The largest appropriation increase in the budget for pensions would up the state’s contribution to the underfunded system to nearly $3.8 billion with $2.7 billion derived from the general fund and just over $1 billion from New Jersey Lottery revenues. The 10% increase would bring the state to a 70% actuarially determined contribution level and continue a path toward full ADC funding levels in 2023.
“Pending full contributions in fiscal 2023, Fitch would expect further deterioration in the funded condition of the plans, even if all plan assumptions are met,” said Block. “The state's underfunded commitments to retired state employees and teachers have weighed on the state's rating and remain a negative rating factor absent further policy action.”
Fitch rates New Jersey A with a stable outlook.
A growing pension burden has weighed heavily in New Jersey’s general obligation bond ratings. The Garden State’s GO bonds are also rated A-minus by S&P, A3 by Moody’s Investors Service and A by Kroll Bond Rating Agency.

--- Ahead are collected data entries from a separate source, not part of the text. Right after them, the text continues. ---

Section coverage.
Context {R : realType} {dT dX dO : measure_display} {Theta : measurableType dT}
  {Xsp : measurableType dX} {Omega : measurableType dO}.
Context {P : probability Omega R} {alpha eps : R} {tau : Xsp -> Theta -> R}
  {theta : Theta} {cell : Omega -> Theta -> nat}
  {sims : Omega -> seq (Theta * Xsp)} {X : Omega -> Xsp} {T : {RV P >-> R}}.
Hypothesis T_tau : forall w, T w = tau (X w) theta.
Hypothesis cdf_continuous : continuous (fun t => fine (cdf T t)).
Context {G : set Omega}.
Hypothesis mG : measurable G.
Hypothesis Hhat_near : forall w, G w -> forall t,
  `|Hhat tau (cell w) (sims w) theta t - fine (cdf T t)| <= eps.

Let E := [set w | Rhat alpha tau (cell w) (sims w) (X w) theta].
Hypothesis mE : measurable E.

Lemma coverage_error_le : 0 < eps -> alpha + eps < 1 -> 3 * eps < alpha ->
  `|fine (P E) - (1 - alpha)| <= 3 * eps + fine (P (~` G)).
Proof.
move=> eps_gt0 alpha_eps_lt1 eps_lt_alpha; pose F t := fine (cdf T t).
have quantile v : 0 < v < 1 -> exists c, F c = v.
  exact: continuous_cdf_surj.
have [chi Fchi] := quantile (alpha + eps) ltac:(apply/andP; split; lra).
have [c1 Fc1] := quantile (alpha - 3 * eps) ltac:(apply/andP; split; lra).
have [c2 Fc2] := quantile (alpha - 2 * eps) ltac:(apply/andP; split; lra).
(* Rhat only gives T >= c2; the lower level c1 turns this into an open ray. *)
have c12 : c1 < c2.
  rewrite ltNge; apply/negP => /(fine_cdf_nondecreasing T); rewrite -/(F _) -/(F _).
  by rewrite Fc1 Fc2; lra.
have lower : [set w | chi < T w] `&` G `<=` E.
  move=> w [/= /ltW /(fine_cdf_nondecreasing T) chiT /Hhat_near near_w].
  apply: (Rhat_of_approx_ge near_w); rewrite -T_tau; rewrite -/(F _) in chiT; lra.
have upper : E `&` G `<=` [set w | c1 < T w].
  move=> w [/= Ew /Hhat_near near_w]; rewrite ltNge; apply/negP => Tc1.
  have := approx_ge_of_Rhat near_w _ c2 Ew; rewrite -T_tau.
  by move=> /(_ (le_lt_trans Tc1 c12)); rewrite -/(F _) Fc2; lra.
have := fine_measure_sandwich P (measurable_rv_gt T chi) (measurable_rv_gt T c1)
  mE mG lower upper.
rewrite -!ccdfE !fine_ccdf -/(F chi) -/(F c1) Fchi Fc1 ler_distl.
by move=> /andP[]; lra.
Qed.

End coverage.

Lemma Hcdf_cdfE {R : realType} {dT dX dO : measure_display}
    {Theta : measurableType dT} {Xsp : measurableType dX}
    {Omega : measurableType dO} {P : probability Omega R}
    (model : R.-pker Theta ~> Xsp) (tau : Xsp -> Theta -> R) (theta : Theta)
    (X : Omega -> Xsp) (T : {RV P >-> R}) :
  measurable_fun setT (fun x => tau x theta) ->
  (forall E, measurable E -> P (X @^-1` E) = model theta E) ->
  (forall w, T w = tau (X w) theta) ->
  Hcdf model tau theta = fun t => fine (cdf T t).
Proof.
move=> mtau lawX T_tau; apply/funext => t; rewrite /Hcdf.
have -> : [set x | tau x theta <= t] = (fun x => tau x theta) @^-1` `]-oo, t].
  by apply/seteqP; split=> x /=; rewrite in_itv.
rewrite cdfE -lawX; last by rewrite -[X in measurable X]setTI; exact: mtau.
by congr (fine (P _)); apply/seteqP; split=> w /=; rewrite in_itv /= T_tau.
Qed.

The Murphy administration estimates that increasing the personal income tax for those earning more than $1 million from the current $5 million threshold would generate $447 million in new revenue. The budget also assumes a legalization and taxation of
“Should the measures fail to be approved; other revenue solutions or expenditure reductions will need to be identified to balance the fiscal 2020 budget,” said Block.
Murphy’s first budget proposal last year relied on more tax revenue growth with an estimated surplus anticipated despite a reported slowdown in tax collections. Block noted that while PIT receipts have lagged, corporate business taxes have been boosted and that total revenue is now estimated to be $328 million above what was projected. The state is also expecting more PIT revenue to flow in during April as a result of changed taxpayer behaviors resulting from the 2017 federal tax changes.